So our stroke associations should be sponsoring research to find out how to recover proprioception now that we have found this protein. Yes this is a BHAG(Big Hairy Audacious Goal). I don't care, leaders solve the difficult problems, they don't run away from them. If you are running away, then resign and let someone with more initiative take your place.
http://www.alphagalileo.org/ViewItem.aspx?ItemId=158221&CultureCode=en
Can you touch a finger to the tip of your nose with your eyes closed?
Most of us can, thanks to a sense called proprioception, which tells us
where our body parts are relative to each other and our environment.
Not surprisingly, this sense is essential for normal movement and
balance—walking, for instance.
For decades, biologists have been trying to find the crucial sensor
protein in nerve endings that translates muscle and tendon stretching
into proprioceptive nerve signals. Now in a study published in Nature Neuroscience
on November 9, 2015, a team led by scientists from The Scripps Research
Institute (TSRI) has identified this sensor protein in mice.
It turns out to be a protein called Piezo2, which was found recently to mediate the sense of touch.

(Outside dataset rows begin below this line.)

Lemma RCcont_mult phi psi t :
  RCcont phi t -> RCcont psi t -> RCcont (fun s => phi s * psi s) t.
Proof.
  intros H1 H2 eps Heps.
  set (A := (Cmod (phi t) + 1)%R). set (B := (Cmod (psi t) + 1)%R).
  pose proof (Cmod_ge_0 (phi t)); pose proof (Cmod_ge_0 (psi t)).
  set (e := Rmin 1 (eps / (A + B + 1))).
  assert (He : (0 < e)%R) by (apply Rmin_pos; [lra | apply Rdiv_lt_0_compat; unfold A, B; lra]).
  assert (He1 : (e <= 1)%R) by apply Rmin_l.
  assert (He2 : (e * (A + B + 1) <= eps)%R).
  { apply (Rmult_le_reg_r (/ (A + B + 1))); [apply Rinv_0_lt_compat; unfold A, B; lra|].
    rewrite Rmult_assoc, Rinv_r, Rmult_1_r by (unfold A, B; lra). apply Rmin_r. }
  destruct (H1 e He) as [d1 [Hd1 H1']]. destruct (H2 e He) as [d2 [Hd2 H2']].
  exists (Rmin d1 d2). split; [now apply Rmin_pos|]. intros s Hs. apply Rlt_Rmin in Hs as [Hs1 Hs2].
  specialize (H1' s Hs1). specialize (H2' s Hs2).
  replace (phi s * psi s - phi t * psi t) with
    ((phi s - phi t) * (psi s - psi t) + (phi s - phi t) * psi t + phi t * (psi s - psi t)) by ring.
  eapply Rle_lt_trans; [apply Cmod_triangle3|]. rewrite !Cmod_mult.
  pose proof (Cmod_ge_0 (phi s - phi t)); pose proof (Cmod_ge_0 (psi s - psi t)).
  unfold A, B in *. nra.
Qed.

Lemma RCcont_minus phi psi t :
  RCcont phi t -> RCcont psi t -> RCcont (fun s => phi s - psi s) t.
Proof.
  intros H1 H2. apply (RCcont_plus phi (fun s => - psi s)); [exact H1|].
  intros eps Heps. destruct (RCcont_mult (fun _ => -1) psi t (RCcont_const _ t) H2 eps Heps)
    as [d [Hd H']].
  exists d. split; [exact Hd|]. intros s Hs.
  replace (- psi s - - psi t) with (-1 * psi s - -1 * psi t) by ring. now apply H'.
Qed.

Lemma RCcont_comp (g : C -> C) phi t :
  Ccont g (phi t) -> RCcont phi t -> RCcont (fun s => g (phi s)) t.
Proof.
  intros H1 H2 eps Heps. destruct (H1 eps Heps) as [d1 [Hd1 H1']].
  destruct (H2 d1 Hd1) as [d2 [Hd2 H2']]. exists d2. split; [exact Hd2|].
  intros s Hs. now apply H1', H2'.
Qed.

Lemma RCcont_inv (phi : R -> C) t : phi t <> 0 -> RCcont phi t -> RCcont (fun s => / phi s) t.
Proof.
  intros H0 H. apply (RCcont_comp (fun w => / w)); [|exact H].
  exact (Cdiff_Ccont _ _ _ (Cdiff_inv _ H0)).
Qed.

Lemma RCdiff_comp (G : C -> C) gam t l v :
  Cdiff G (gam t) l -> RCdiff gam t v -> RCdiff (fun s => G (gam s)) t (v * l).
Proof.
  intros HG Hg eps Heps.
  set (Kv := (Cmod v + 1)%R). set (Kl := (Cmod l + 1)%R).
  assert (HKv : (0 < Kv)%R) by (pose proof (Cmod_ge_0 v); unfold Kv; lra).
  assert (HKl : (0 < Kl)%R) by (pose proof (Cmod_ge_0 l); unfold Kl; lra).
  destruct (HG (eps / (2 * Kv))%R ltac:(apply Rdiv_lt_0_compat; lra)) as [d1 [Hd1 H1]].
  destruct (Hg (eps / (2 * Kl))%R ltac:(apply Rdiv_lt_0_compat; lra)) as [d2 [Hd2 H2]].
  destruct (Hg 1%R Rlt_0_1) as [d3 [Hd3 H3]].
  exists (Rmin (Rmin d2 d3) (d1 / Kv)). split.
  { repeat apply Rmin_pos; try lra. now apply Rdiv_lt_0_compat. }
  intros s Hs. apply Rlt_Rmin in Hs as [Hs23 Hs1]. apply Rlt_Rmin in Hs23 as [Hs2 Hs3].
  specialize (H2 s Hs2). specialize (H3 s Hs3).
  pose proof (Rabs_pos (s - t)) as Hp.
  assert (Hgs : (Cmod (gam s - gam t) <= Kv * Rabs (s - t))%R).
  { replace (gam s - gam t) with ((gam s - gam t - RtoC (s - t) * v) + RtoC (s - t) * v) by ring.
    eapply Rle_trans; [apply Cmod_triangle|]. rewrite Cmod_mult, Cmod_R. unfold Kv. nra. }
  assert (Hgs1 : (Cmod (gam s - gam t) < d1)%R).
  { eapply Rle_lt_trans; [exact Hgs|].
    apply (Rmult_lt_compat_l Kv) in Hs1; [|lra].
    replace (Kv * (d1 / Kv))%R with d1 in Hs1 by (field; lra). exact Hs1. }
  specialize (H1 (gam s) Hgs1).
  replace (G (gam s) - G (gam t) - RtoC (s - t) * (v * l)) with
    ((G (gam s) - G (gam t) - l * (gam s - gam t)) + l * (gam s - gam t - RtoC (s - t) * v))
    by ring.
  eapply Rle_trans; [apply Cmod_triangle|]. rewrite Cmod_mult.
  assert (E1 : (eps / (2 * Kv) * Cmod (gam s - gam t) <= eps / 2 * Rabs (s - t))%R).
  { apply Rle_trans with (eps / (2 * Kv) * (Kv * Rabs (s - t)))%R.
    - apply Rmult_le_compat_l; [apply Rlt_le, Rdiv_lt_0_compat; lra | exact Hgs].
    - right. field. lra. }
  assert (E2 : (Cmod l * Cmod (gam s - gam t - RtoC (s - t) * v) <= eps / 2 * Rabs (s - t))%R).
  { apply Rle_trans with (Kl * (eps / (2 * Kl) * Rabs (s - t)))%R.
    - apply Rmult_le_compat; [apply Cmod_ge_0 | apply Cmod_ge_0 | unfold Kl; lra | exact H2].
    - right. field. lra. }
  lra.
Qed.

Lemma ex_CInt_RCcont phi a b :
  (forall t, (Rmin a b <= t <= Rmax a b)%R -> RCcont phi t) -> ex_CInt phi a b.
Proof.
  intros H. split; apply (ex_RInt_continuous (V:=R_CompleteNormedModule)); intros z Hz.
  - now apply RCcont_Re, H.
  - now apply RCcont_Im, H.
Qed.

Lemma ex_CInt_scal (c : C) phi a b : ex_CInt phi a b -> ex_CInt (fun t => c * phi t) a b.
Proof.
  intros [H1 H2]. destruct c as [c1 c2]. split; simpl.
  - apply (ex_RInt_minus (V:=R_CompleteNormedModule));
      now apply (ex_RInt_scal (V:=R_CompleteNormedModule)).
  - apply (ex_RInt_plus (V:=R_CompleteNormedModule));
      now apply (ex_RInt_scal (V:=R_CompleteNormedModule)).
Qed.

Lemma ex_CInt_minus phi psi a b :
  ex_CInt phi a b -> ex_CInt psi a b -> ex_CInt (fun t => phi t - psi t) a b.
Proof.
  intros [H1 H2] [H3 H4].
  split; simpl; apply (ex_RInt_plus (V:=R_CompleteNormedModule)); try assumption;
    now apply (ex_RInt_opp (V:=R_CompleteNormedModule)).
Qed.

Lemma CInt_scal (c : C) phi a b :
  ex_CInt phi a b -> CInt (fun t => c * phi t) a b = c * CInt phi a b.
Proof.
  intros [H1 H2]. unfold CInt. destruct c as [c1 c2]. apply injective_projections; simpl.
  - rewrite (RInt_minus (V:=R_CompleteNormedModule))
      by now apply (ex_RInt_scal (V:=R_CompleteNormedModule)).
    now rewrite !(RInt_scal (V:=R_CompleteNormedModule)).
  - rewrite (RInt_plus (V:=R_CompleteNormedModule))
      by now apply (ex_RInt_scal (V:=R_CompleteNormedModule)).
    now rewrite !(RInt_scal (V:=R_CompleteNormedModule)).
Qed.

Lemma CInt_minus phi psi a b : ex_CInt phi a b -> ex_CInt psi a b ->
  CInt (fun t => phi t - psi t) a b = CInt phi a b - CInt psi a b.
Proof.
  intros [H1 H2] [H3 H4]. unfold CInt. apply injective_projections; simpl;
    rewrite (RInt_plus (V:=R_CompleteNormedModule)), (RInt_opp (V:=R_CompleteNormedModule));
    try reflexivity; try assumption; now apply (ex_RInt_opp (V:=R_CompleteNormedModule)).
Qed.

Lemma CInt_const (c : C) a b : CInt (fun _ => c) a b = c * RtoC (b - a).
Proof.
  unfold CInt. rewrite !(RInt_const).
  destruct c. apply injective_projections; simpl; unfold scal; simpl; unfold mult; simpl; ring.
Qed.

Lemma CInt_ext phi psi a b : (forall t, (Rmin a b <= t <= Rmax a b)%R -> phi t = psi t) ->
  CInt phi a b = CInt psi a b.
Proof.
  intros H. unfold CInt. f_equal; apply RInt_ext; intros x Hx; rewrite H; try reflexivity; lra.
Qed.

Lemma CInt_Chasles phi a b c : ex_CInt phi a b -> ex_CInt phi b c ->
  CInt phi a b + CInt phi b c = CInt phi a c.
Proof.
  intros [H1 H2] [H3 H4]. unfold CInt. apply injective_projections; simpl.
  - exact (RInt_Chasles _ a b c H1 H3).
  - exact (RInt_Chasles _ a b c H2 H4).
Qed.

Lemma CInt_point phi a : CInt phi a a = 0.
Proof. unfold CInt. now rewrite !(RInt_point). Qed.

Lemma CInt_swap phi a b : ex_CInt phi a b -> CInt phi b a = - CInt phi a b.
Proof.
  intros [H1 H2]. unfold CInt.
  rewrite <- (opp_RInt_swap _ a b H1).
  rewrite <- (opp_RInt_swap _ a b H2).
  apply injective_projections; simpl; unfold opp; simpl; ring.
Qed.

Lemma CInt_comp_lin phi (u v a b : R) : ex_CInt phi (u * a + v) (u * b + v) ->
  CInt (fun t => RtoC u * phi (u * t + v)%R) a b = CInt phi (u * a + v) (u * b + v).
Proof.
  intros [H1 H2]. unfold CInt.
  rewrite <- (RInt_comp_lin _ u v a b H1).
  rewrite <- (RInt_comp_lin _ u v a b H2).
  f_equal; apply RInt_ext; intros t _; rewrite ?re_scal_l, ?im_scal_l; reflexivity.
Qed.

Lemma CInt_bound phi a b M : (a <= b)%R -> ex_CInt phi a b ->
  (forall t, (a <= t <= b)%R -> (Cmod (phi t) <= M)%R) ->
  (Cmod (CInt phi a b) <= 2 * (b - a) * M)%R.
Proof.
  intros Hab [H1 H2] HM. eapply Rle_trans; [apply Cmod_le_Rabs_Re_Im|]. simpl.
  assert (B1 : (Rabs (RInt (fun t => Re (phi t)) a b) <= (b - a) * M)%R).
  { apply abs_RInt_le_const; [exact Hab | exact H1|].
    intros t Ht. eapply Rle_trans; [apply re_le_Cmod | now apply HM]. }
  assert (B2 : (Rabs (RInt (fun t => Im (phi t)) a b) <= (b - a) * M)%R).
  { apply abs_RInt_le_const; [exact Hab | exact H2|].
    intros t Ht. eapply Rle_trans; [apply Rabs_Im_le_Cmod | now apply HM]. }
  lra.
Qed.

Lemma CInt_FTC Phi dPhi a b :
  (forall t, (Rmin a b <= t <= Rmax a b)%R -> RCdiff Phi t (dPhi t)) ->
  (forall t, (Rmin a b <= t <= Rmax a b)%R -> RCcont dPhi t) ->
  CInt dPhi a b = Phi b - Phi a.
Proof.
  intros H1 H2. unfold CInt. apply injective_projections; simpl; apply is_RInt_unique.
  - apply (is_RInt_derive (fun s => Re (Phi s))).
    + intros; now apply RCdiff_Re, H1.
    + intros; now apply RCcont_Re, H2.
  - apply (is_RInt_derive (fun s => Im (Phi s))).
    + intros; now apply RCdiff_Im, H1.
    + intros; now apply RCcont_Im, H2.
Qed.

Definition circle (t : R) : C := (cos t, sin t).

Lemma RCdiff_circle t : RCdiff circle t (Ci * circle t).
Proof.
  apply RCdiff_of_components; unfold circle; simpl.
  - replace (0 * cos t - 1 * sin t)%R with (- sin t)%R by ring. apply derivable_pt_lim_cos.
  - replace (0 * sin t + 1 * cos t)%R with (cos t) by ring. apply derivable_pt_lim_sin.
Qed.

Lemma RCcont_circle t : RCcont circle t.
Proof. exact (RCdiff_RCcont _ _ _ (RCdiff_circle t)). Qed.

Lemma Cmod_circle t : Cmod (circle t) = 1%R.
Proof.
  unfold Cmod, circle; simpl. rewrite !Rmult_1_r.
  rewrite <- sqrt_1. f_equal. pose proof (sin2_cos2 t). unfold Rsqr in H. lra.
Qed.

Lemma circle_2PI : circle (2 * PI) = circle 0.
Proof. unfold circle. now rewrite cos_2PI, sin_2PI, cos_0, sin_0. Qed.
(* Let $M$ be a generic regular closed curve with arc-length parameterization $f$. Then the number of elements of the sequence of division points $\mathcal{S}_M$ is even.
   Context: Generic means $f$ lies in the set $\mathcal{G}$: $f$ is regular with only transversal self-crossings, only non-degenerate inflexion points (curvature changes sign and $\det(f',f''')\ne0$) and no undulation points; at least one point of each parallel pair is not an inflexion point; and further finitely many non-degeneracy conditions on parallel pairs (involving curvature, its first two arc-length derivatives, and collinearity of chords) hold. Two distinct points of $M$ form a parallel pair if their tangent lines are parallel. The sequence of division points $\mathcal{S}_M$: if $M$ has inflexion points, it is the set of all parameters $s$ such that $f(s)$ is an inflexion point or the tangent line at $f(s)$ is parallel to the tangent line at some inflexion point; if $M$ has no inflexion points, it is the set of all $s$ with $f'(s)$ parallel to $f'(s_0)$ for a fixed $s_0$ (including $s_0$); in both cases ordered compatibly with the orientation of $M$. *)

From Stdlib Require Import Reals Lra List.
From Coquelicot Require Import Coquelicot.
Open Scope R_scope.

(* A plane curve f = (x, y) : R -> R^2, given by its two coordinate functions. *)

Definition smooth (g : R -> R) : Prop :=
  forall (n : nat) (t : R), ex_derive (Derive_n g n) t.

Definition arclength_closed_curve (x y : R -> R) (L : R) : Prop :=
  0 < L /\ smooth x /\ smooth y /\
  (forall s, x (s + L) = x s /\ y (s + L) = y s) /\
  (forall s, (Derive_n x 1 s) ^ 2 + (Derive_n y 1 s) ^ 2 = 1).

Definition detd (x y : R -> R) (i j : nat) (s t : R) : R :=
  Derive_n x i s * Derive_n y j t - Derive_n y i s * Derive_n x j t.

Definition tangent_parallel (x y : R -> R) (s t : R) : Prop :=
  detd x y 1 1 s t = 0.

(* signed curvature (arc-length parameterization): det(f', f'') *)
Definition curvature (x y : R -> R) (s : R) : R := detd x y 1 2 s s.

Definition changes_sign (k : R -> R) (s : R) : Prop :=
  exists d, 0 < d /\
   ((forall t, s - d < t < s -> k t < 0) /\ (forall t, s < t < s + d -> 0 < k t) \/
    (forall t, s - d < t < s -> 0 < k t) /\ (forall t, s < t < s + d -> k t < 0)).

Definition inflexion (x y : R -> R) (s : R) : Prop :=
  curvature x y s = 0 /\ changes_sign (curvature x y) s.

Definition undulation (x y : R -> R) (s : R) : Prop :=
  curvature x y s = 0 /\ ~ changes_sign (curvature x y) s.

Definition distinct_mod (L s t : R) : Prop :=
  forall k : Z, s <> t + IZR k * L.

(* genericity conditions of the set G that are stated explicitly in the paper *)
Definition generic (x y : R -> R) (L : R) : Prop :=
  arclength_closed_curve x y L /\
  (forall s t, distinct_mod L s t -> x s = x t -> y s = y t ->
     detd x y 1 1 s t <> 0) /\
  (forall s, inflexion x y s -> detd x y 1 3 s s <> 0) /\
  (forall s, ~ undulation x y s) /\
  (forall s t, distinct_mod L s t -> tangent_parallel x y s t ->
     ~ (inflexion x y s /\ inflexion x y t)).

Definition has_inflexion (x y : R -> R) : Prop := exists s, inflexion x y s.

(* membership in the sequence of division points S_M, with base point s0
   (s0 only matters when M has no inflexion point) *)
Definition division_point (x y : R -> R) (s0 s : R) : Prop :=
  (has_inflexion x y /\
     (inflexion x y s \/ exists t, inflexion x y t /\ tangent_parallel x y s t)) \/
  (~ has_inflexion x y /\ tangent_parallel x y s s0).

From Stdlib Require Import Reals List Arith.
From Stdlib Require Import Lra Lia ZArith Classical.
From Coquelicot Require Import Coquelicot.
Open Scope R_scope.

(* Every division point is a zero of a periodic function, and on one period the
   number of zeros of such a function plus the number of its zeros without sign
   change is even, since its sign is the same at both ends of the period.
   Without inflexions, S_M is the zero set of s |-> det(f'(s), f'(s0)); all its
   zeros are sign changes because the derivative at a zero c is, up to sign, the
   curvature at c, which never vanishes.  With inflexions, the curvature changes
   sign at each of them, so there is an even number of inflexions.  For an
   inflexion t, s |-> det(f'(s), f'(t)) has a zero without sign change at t
   (first derivative -kappa(t) = 0, second derivative -det(f'(t), f'''(t)) <> 0)
   and sign changes at all other zeros, which are not inflexions; so it has an
   odd number of zeros.  Parallelism of tangents being transitive, these zero
   sets are disjoint for distinct inflexions, and S_M is their union. *)

Definition enumerates {A : Type} (l : list A) (P : A -> Prop) : Prop :=
  NoDup l /\ forall z, In z l <-> P z.

Lemma enumerates_ext {A : Type} (l : list A) (P Q : A -> Prop) :
  (forall z, P z <-> Q z) -> enumerates l P -> enumerates l Q.
Proof. intros PQ [N M]. split; [exact N|]. intros z. rewrite M. apply PQ. Qed.

Lemma enumerates_empty {A : Type} (l : list A) (P : A -> Prop) :
  (forall z, ~ P z) -> enumerates l P -> l = nil.
Proof.
  intros HP [_ M]. destruct l as [|a l]; [reflexivity|].
  exfalso. apply (HP a), M. now left.
Qed.

Lemma enumerates_singleton {A : Type} (l : list A) (a : A) :
  enumerates l (fun z => z = a) -> length l = 1%nat.
Proof.
  intros [N M]. destruct l as [|b [|c l]]; [|reflexivity|].
  - exfalso. apply (proj2 (M a)). reflexivity.
  - assert (b = a) by (apply M; now left). assert (c = a) by (apply M; right; now left).
    subst. inversion N as [|? ? Hb]. exfalso. apply Hb. now left.
Qed.

Lemma disjoint_union_parity {A B : Type} (P : A -> B -> Prop) (li : list A) :
  NoDup li ->
  (forall t, In t li -> exists lt, enumerates lt (P t) /\ Nat.even (length lt) = false) ->
  (forall t t' s, In t li -> In t' li -> t <> t' -> P t s -> P t' s -> False) ->
  exists lc, enumerates lc (fun s => exists t, In t li /\ P t s) /\
    Nat.even (length lc) = Nat.even (length li).
Proof.
  induction li as [|t li IH]; intros N Hodd Hdisj.
  - exists nil. split; [|reflexivity]. split; [constructor|].
    intros s. simpl. split; [tauto|]. intros [t [[] _]].
  - inversion N as [|? ? Ht Nli]; subst.
    destruct IH as [lc [[Nc Mc] Pc]]; auto.
    { intros t' Ht'. apply Hodd. now right. }
    { intros t1 t2 s H1 H2. apply Hdisj; now right. }
    destruct (Hodd t (or_introl eq_refl)) as [lt [[Nt Mt] Pt]].
    exists (lt ++ lc). split; [split|].
    + apply NoDup_app; auto. intros s Hs Hs'. apply Mt in Hs. apply Mc in Hs'.
      destruct Hs' as [t' [Ht' Hp]]. apply (Hdisj t t' s); auto; [now left|now right|].
      intros <-. contradiction.
    + intros s. rewrite in_app_iff, Mc, Mt. split.
      * intros [Hs|[t' [Ht' Hs]]]; [exists t; split; [now left|exact Hs]|].
        exists t'. split; [now right|exact Hs].
      * intros [t' [[<-|Ht'] Hs]]; [now left|right; now exists t'].
    + rewrite length_app, Nat.even_add, Pt, Pc. simpl length.
      rewrite Nat.even_succ, <- Nat.negb_even. now destruct (Nat.even (length li)).
Qed.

“To the layman it might not seem surprising that touch and
proprioception would use the same sensor protein, but within this field
there has been a lot of evidence suggesting otherwise—so finding that
Piezo2 does both was a surprise,” said lead investigator Ardem
Patapoutian, a professor at TSRI and investigator with Howard Hughes
Medical Institute.
The laboratories of Thomas M. Jessell at Columbia University and
Katherine A. Wilkinson at San Jose State University collaborated on the
study.
Multi-Purpose Protein
Patapoutian and his laboratory specialize in identifying and
characterizing sensory transducer proteins and over the past 15 years
have identified transducers of cold, heat and pain. In two studies
published last year, they identified Piezo2 as the principal sensor for
ordinary, non-painful touch in mice.
The new findings stem in part from those studies, in which
Patapoutian and his team developed transgenic mice that can be made to
switch off Piezo2 activity in “touch” neurons and other sensory neurons
based in the spine. With Piezo2 silenced, the mice showed profound
deficits in responding to touch. But they also showed a different kind
of deficit.
“Their walking was a bit abnormal, which gave us a hint that some
proprioceptive neurons might be affected, too,” said Seung-Hyun Woo, a
research associate in the Patapoutian laboratory who was first author of
the new study.
In an initial set of experiments for the new study, the team managed
to isolate mouse sensory neurons involved in proprioception and tested
these neurons’ electrical responses to mild mechanical pressure. Such
neurons’ nerve ends and cell bodies are known to be studded with
mechanically activated ion channel proteins, which essentially spring
open—admitting a surge of charged molecules (ions) and triggering an
electrical nerve impulse—when the surrounding nerve or cell membrane is
distorted sufficiently by a stretching of the local muscle tissue. Prior
studies had suggested that the main stretch-sensing protein expressed
by proprioceptive neurons is one that specializes in admitting sodium
ions. However, the team found evidence from these initial tests that the
main ion-channel protein on proprioceptive neurons is not a selective
sodium-channel protein, but in fact has properties consistent with
Piezo2s.
The researchers then confirmed that Piezo2 is expressed in mouse
proprioceptive neurons and their muscle-embedded nerve ends. To
establish Piezo2’s role with more certainty, they developed two lines of
transgenic mice in which Piezo2 production could be switched off in
proprioceptive neurons shortly after the mice were born. The resulting
animals showed severe abnormalities in walking and limb positioning.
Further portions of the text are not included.